On the 9th of February this year, the BBC made an announcement that lead me to write this post because it made me feel so disheartened. The announcement concerned the number of female comedians that are present on panel shows broadcast by the BBC and proposed that all new episodes of programmes like Mock The Week, Have I Got News For You and QI will have at least one woman each. The statement given by Danny Cohen, Director of Television at the BBC, that contained the proposal, was not taken well by comedians and the general public alike. As I explained in my post at the time, this was mainly because of the patronising nature of the new rule and I worried immensely about the effect this will have on female comedians and their audiences.
It is now five months later and the first half of Mock The Week series thirteen has been and gone. As promised, there has been one female comic on each of the six episodes so far and, as a result, I personally think it’s been one of the best series yet. This is because many wonderful comedians have been given the chance to appear on the show where they may not have been able to before, and many of them have been women. Now, I completely stand by the concerns I expressed in my previous post and still fear they are just as valid: I am very uncomfortable with the idea of a ‘token woman’ on such programmes and it’s always going to be an issue because of Cohen’s statement.

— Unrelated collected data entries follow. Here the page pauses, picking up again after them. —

(* Let $r\in(0,1/36)$, $p\in(0,r)$, $h=8/15$, $a=3/15$, let $m,n\in\mathbb N$ and $D_{mn}(p,r)=\left(\frac{a\,r^{n+1}}{p^m},\,r\right)$. For $q\in D_{mn}(p,r)$ let $K_{pqr}$ be the attractor of $\mathcal S_{pqr}=\{S_1,\dots,S_6\}$ with $S_1(x)=px$, $S_2(x)=a+rx$, $S_3(x)=h-qx$, $S_4(x)=h-r+rx$, $S_5(x)=1-a-rx$, $S_6(x)=1-r+rx$. Let $\Delta_{mn}(p,r)$ be the set of $q\in D_{mn}(p,r)$ for which there exist $i\in\{2,\dots,6\}$ and $j\in\{1,\dots,5\}$ with $S_3S_1^mS_i(K_{pqr})\cap S_4S_6^nS_j(K_{pqr})\neq\emptyset$. Then $\Delta_{mn}(p,r)$ is a closed subset of $D_{mn}(p,r)$ and $\dim_H\Delta_{mn}(p,r)\le-\frac{2\log 6}{\log r}$.
   Context: $S_1^m$ denotes $m$-fold composition; $\dim_H$ is Hausdorff dimension. *)

From HB Require Import structures.
From mathcomp Require Import all_boot all_order all_algebra.
From mathcomp Require Import all_classical all_reals all_analysis.
Set Implicit Arguments. Unset Strict Implicit. Unset Printing Implicit Defensive.
Import Order.TTheory GRing.Theory Num.Theory.
Import numFieldNormedType.Exports.
Local Open Scope classical_set_scope.
Local Open Scope ring_scope.

Section Defs.
Variable R : realType.

Definition hh : R := 8 / 15.
Definition aa : R := 3 / 15.

(* the maps S_1, ..., S_6 of S_{pqr} (index outside 1..6 : identity, never used) *)
Definition Smap (p q r : R) (i : nat) (x : R) : R :=
  match i with
  | 1 => p * x
  | 2 => aa + r * x
  | 3 => hh - q * x
  | 4 => hh - r + r * x
  | 5 => 1 - aa - r * x
  | 6 => 1 - r + r * x
  | _ => x
  end.

Definition is_attractor (p q r : R) (K : set R) : Prop :=
  K !=set0 /\ compact K /\
  K = [set y | exists i : nat, (1 <= i <= 6)%N /\ exists2 x, K x & y = Smap p q r i x].

Definition Dmn (m n : nat) (p r : R) : set R :=
  [set q | aa * r ^+ n.+1 / p ^+ m < q < r].

Definition Deltamn (m n : nat) (p r : R) : set R :=
  [set q | Dmn m n p r q /\
     exists K, is_attractor p q r K /\
       exists i j : nat, (2 <= i <= 6)%N /\ (1 <= j <= 5)%N /\
         ((Smap p q r 3 \o iter m (Smap p q r 1) \o Smap p q r i) @` K)
         `&` ((Smap p q r 4 \o iter n (Smap p q r 6) \o Smap p q r j) @` K)
         !=set0].

(* s-dimensional Hausdorff delta-premeasure, for s > 0: infimum of
   sum_i d_i^s over countable covers (U_i) of A with diam U_i <= d_i <= delta
   (infimum over such d_i equals infimum of sum diam(U_i)^s). *)
Definition hausdorff_pre (s delta : R) (A : set R) : \bar R :=
  ereal_inf [set v : \bar R | exists (U : nat -> set R) (d : nat -> R),
     (forall k, 0 <= d k <= delta) /\
     (forall k x y, U k x -> U k y -> `|x - y| <= d k) /\
     A `<=` \bigcup_k U k /\
     v = (\sum_(0 <= k <oo) ((d k) `^ s)%:E)%E].

(* s-dimensional Hausdorff outer measure: limit (= sup) as delta -> 0+ *)
Definition hausdorff_measure (s : R) (A : set R) : \bar R :=
  ereal_sup [set hausdorff_pre s delta A | delta in [set delta : R | 0 < delta]].

Definition hausdorff_dim (A : set R) : \bar R :=
  ereal_inf [set s%:E | s in [set s : R | 0 < s /\ hausdorff_measure s A = 0%E]].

However, despite my worries, when I focus purely on the entertainment; when I pretend I don’t know why there are suddenly more women on Mock The Week, I thoroughly enjoyed the series. It made me incredibly happy to see some of my favourite female comedians make their Mock The Week debut, such as Angela Barnes and Sara Pascoe, and to see the wonderful Katherine Ryan make her fourth appearance on the show (an impressive achievement, looking at the statistics for such a programme). Not only were there many new female faces (also including Susan Calman and Tiff Stevenson), but I was also delighted to see one of my favourite male comedians appear on his second, third, fourth AND fifth episode: the hilarious Romesh Ranganathan.
So there have been six episodes in this half of the series and that means there have been six female comedians who got some screen time who may not have got it otherwise, and this has to be a good thing. I did some research and discovered that series eleven had five different female comedians throughout the whole of the twelve episodes: Jo Caulfield, Zoe Lyons, Ava Vidal, Andi Osho and Katherine Ryan. Likewise, series twelve only showed three on all eleven episodes and they were Ava Vidal, Katherine Ryan and Holly Walsh. Despite the humiliation of the extremely concentrated ‘positive discrimination’ that women (including the public as well as comedians) are being force-fed with, it is undeniable that Mock The Week is a better show because of it, I just wish it hadn’t been done so blatantly, before everyone’s eyes.
In February, I was made to feel embarrassed for being a girl. I felt like female comedians were being held up under a spotlight and examined; pitied. And it made me feel really helpless because if this is the only way for women to get an equal amount of time on panel shows, there is something very wrong with the world. But the effects seem to be wearing off and hopefully many people haven’t even noticed the change, which shows how unnatural it was to have so little female comedians on Mock The Week in the past.
Anyway, I don’t want this to be a negative post because I think the nation’s memory of Danny Cohen’s statement has faded considerably since February and I’d like to hope it stays like that. In general, the changes that have been made to the running of Mock The Week seem to be extremely positive and I hope this signals the start of some kind of panel-show-revolution.
PS. Another thing I noticed was that the female comic was always in the middle chair on Andy Parson’s team and that has intrigued me as I can’t think of a reason for that being so. If anyone can enlighten me as to why, that would be much appreciated.